ACTIVITY: Where does the string "size" occur in the records? Copy each line that holds it.

_ _ _

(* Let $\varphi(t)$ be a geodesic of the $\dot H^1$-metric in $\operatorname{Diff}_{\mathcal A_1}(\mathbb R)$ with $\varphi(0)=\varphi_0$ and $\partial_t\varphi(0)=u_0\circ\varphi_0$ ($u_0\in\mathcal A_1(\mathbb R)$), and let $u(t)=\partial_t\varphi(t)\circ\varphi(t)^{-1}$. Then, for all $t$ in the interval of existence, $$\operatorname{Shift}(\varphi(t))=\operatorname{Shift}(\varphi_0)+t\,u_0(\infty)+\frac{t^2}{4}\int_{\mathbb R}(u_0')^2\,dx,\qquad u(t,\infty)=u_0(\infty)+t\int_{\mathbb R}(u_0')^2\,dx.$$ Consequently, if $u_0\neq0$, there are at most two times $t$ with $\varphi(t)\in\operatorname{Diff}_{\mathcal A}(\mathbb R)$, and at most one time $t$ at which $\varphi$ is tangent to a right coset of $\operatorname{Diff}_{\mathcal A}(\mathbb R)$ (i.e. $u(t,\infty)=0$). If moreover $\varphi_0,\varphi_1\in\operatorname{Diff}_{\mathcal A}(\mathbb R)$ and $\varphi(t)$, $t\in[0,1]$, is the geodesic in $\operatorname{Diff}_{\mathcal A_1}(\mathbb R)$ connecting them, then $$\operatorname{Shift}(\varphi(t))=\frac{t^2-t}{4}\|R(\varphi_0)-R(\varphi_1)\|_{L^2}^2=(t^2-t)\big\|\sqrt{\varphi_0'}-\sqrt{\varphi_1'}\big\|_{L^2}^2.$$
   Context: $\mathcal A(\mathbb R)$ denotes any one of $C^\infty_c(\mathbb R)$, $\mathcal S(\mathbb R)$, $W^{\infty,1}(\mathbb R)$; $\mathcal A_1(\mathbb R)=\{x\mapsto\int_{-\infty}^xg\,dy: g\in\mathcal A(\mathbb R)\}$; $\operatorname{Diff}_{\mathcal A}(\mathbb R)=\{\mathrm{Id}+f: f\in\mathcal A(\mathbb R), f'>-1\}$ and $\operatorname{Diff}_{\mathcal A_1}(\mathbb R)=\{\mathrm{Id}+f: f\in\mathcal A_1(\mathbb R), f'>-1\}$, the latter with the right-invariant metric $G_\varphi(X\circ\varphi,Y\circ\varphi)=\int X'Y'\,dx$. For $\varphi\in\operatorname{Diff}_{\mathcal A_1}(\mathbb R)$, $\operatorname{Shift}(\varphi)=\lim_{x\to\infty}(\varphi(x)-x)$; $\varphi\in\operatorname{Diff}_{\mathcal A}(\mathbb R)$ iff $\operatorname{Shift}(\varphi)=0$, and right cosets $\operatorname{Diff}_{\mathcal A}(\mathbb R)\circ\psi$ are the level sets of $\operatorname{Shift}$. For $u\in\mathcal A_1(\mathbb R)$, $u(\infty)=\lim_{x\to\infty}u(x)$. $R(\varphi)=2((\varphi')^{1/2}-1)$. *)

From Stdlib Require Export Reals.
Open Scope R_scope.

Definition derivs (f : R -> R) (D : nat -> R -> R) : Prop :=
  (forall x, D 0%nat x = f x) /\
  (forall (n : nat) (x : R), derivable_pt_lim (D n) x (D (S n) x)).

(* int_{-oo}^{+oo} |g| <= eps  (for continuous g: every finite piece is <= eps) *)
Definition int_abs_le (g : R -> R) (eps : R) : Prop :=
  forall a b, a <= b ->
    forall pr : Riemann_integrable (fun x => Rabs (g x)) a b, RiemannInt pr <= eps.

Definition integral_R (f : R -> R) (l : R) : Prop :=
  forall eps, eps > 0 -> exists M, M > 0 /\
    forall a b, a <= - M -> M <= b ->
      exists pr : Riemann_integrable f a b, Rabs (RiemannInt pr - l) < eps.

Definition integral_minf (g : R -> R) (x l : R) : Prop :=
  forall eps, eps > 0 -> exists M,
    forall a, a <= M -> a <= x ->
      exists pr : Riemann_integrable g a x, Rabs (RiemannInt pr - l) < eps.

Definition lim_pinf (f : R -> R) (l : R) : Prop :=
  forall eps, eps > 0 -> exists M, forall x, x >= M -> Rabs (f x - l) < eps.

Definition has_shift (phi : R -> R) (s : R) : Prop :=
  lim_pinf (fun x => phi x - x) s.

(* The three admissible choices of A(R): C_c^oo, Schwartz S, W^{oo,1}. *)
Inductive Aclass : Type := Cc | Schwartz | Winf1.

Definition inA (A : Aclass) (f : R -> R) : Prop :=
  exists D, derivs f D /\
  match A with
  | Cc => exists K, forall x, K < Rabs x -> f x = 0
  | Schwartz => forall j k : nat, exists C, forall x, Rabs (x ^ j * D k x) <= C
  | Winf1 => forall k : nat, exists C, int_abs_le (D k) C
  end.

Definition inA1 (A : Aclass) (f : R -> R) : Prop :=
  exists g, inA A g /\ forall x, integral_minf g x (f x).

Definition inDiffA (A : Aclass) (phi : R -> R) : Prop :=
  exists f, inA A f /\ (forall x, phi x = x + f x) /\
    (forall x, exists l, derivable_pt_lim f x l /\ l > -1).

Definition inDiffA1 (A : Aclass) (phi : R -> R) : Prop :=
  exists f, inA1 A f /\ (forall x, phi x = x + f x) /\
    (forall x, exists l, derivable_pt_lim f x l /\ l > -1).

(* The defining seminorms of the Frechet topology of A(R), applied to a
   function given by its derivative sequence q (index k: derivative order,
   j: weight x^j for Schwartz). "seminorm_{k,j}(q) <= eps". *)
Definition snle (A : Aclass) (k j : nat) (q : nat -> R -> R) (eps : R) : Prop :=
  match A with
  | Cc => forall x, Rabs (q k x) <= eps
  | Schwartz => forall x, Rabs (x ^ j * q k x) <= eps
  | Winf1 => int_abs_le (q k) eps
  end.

_ _ _

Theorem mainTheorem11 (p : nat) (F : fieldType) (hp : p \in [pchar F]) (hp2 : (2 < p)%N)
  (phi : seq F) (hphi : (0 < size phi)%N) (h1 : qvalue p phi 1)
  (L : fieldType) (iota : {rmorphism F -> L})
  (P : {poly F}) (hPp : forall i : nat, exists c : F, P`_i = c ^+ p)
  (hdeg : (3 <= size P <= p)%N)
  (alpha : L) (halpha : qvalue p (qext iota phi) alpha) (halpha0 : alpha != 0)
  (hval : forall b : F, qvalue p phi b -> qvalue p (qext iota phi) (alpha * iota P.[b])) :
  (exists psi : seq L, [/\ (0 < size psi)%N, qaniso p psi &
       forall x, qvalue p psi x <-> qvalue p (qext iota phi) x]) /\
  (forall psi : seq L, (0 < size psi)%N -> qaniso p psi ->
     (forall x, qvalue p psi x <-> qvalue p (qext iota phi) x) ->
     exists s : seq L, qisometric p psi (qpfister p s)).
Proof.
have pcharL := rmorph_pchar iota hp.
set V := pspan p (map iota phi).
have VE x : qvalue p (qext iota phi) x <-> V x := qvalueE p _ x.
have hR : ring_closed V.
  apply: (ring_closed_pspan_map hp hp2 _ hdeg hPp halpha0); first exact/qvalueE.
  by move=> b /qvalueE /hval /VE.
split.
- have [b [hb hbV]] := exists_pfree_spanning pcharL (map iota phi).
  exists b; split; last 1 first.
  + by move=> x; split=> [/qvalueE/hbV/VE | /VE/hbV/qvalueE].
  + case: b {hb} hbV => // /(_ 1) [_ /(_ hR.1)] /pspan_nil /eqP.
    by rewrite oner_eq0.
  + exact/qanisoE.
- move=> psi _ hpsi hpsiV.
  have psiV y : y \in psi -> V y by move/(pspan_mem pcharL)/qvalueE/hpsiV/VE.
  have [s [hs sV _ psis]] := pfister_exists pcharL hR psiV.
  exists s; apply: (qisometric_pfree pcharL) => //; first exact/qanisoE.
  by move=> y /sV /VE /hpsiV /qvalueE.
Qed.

_ _ _

RESULT OF THE TASK:
  (phi : seq F) (hphi : (0 < size phi)%N) (h1 : qvalue p phi 1)
  (hdeg : (3 <= size P <= p)%N)
  (exists psi : seq L, [/\ (0 < size psi)%N, qaniso p psi &
  (forall psi : seq L, (0 < size psi)%N -> qaniso p psi ->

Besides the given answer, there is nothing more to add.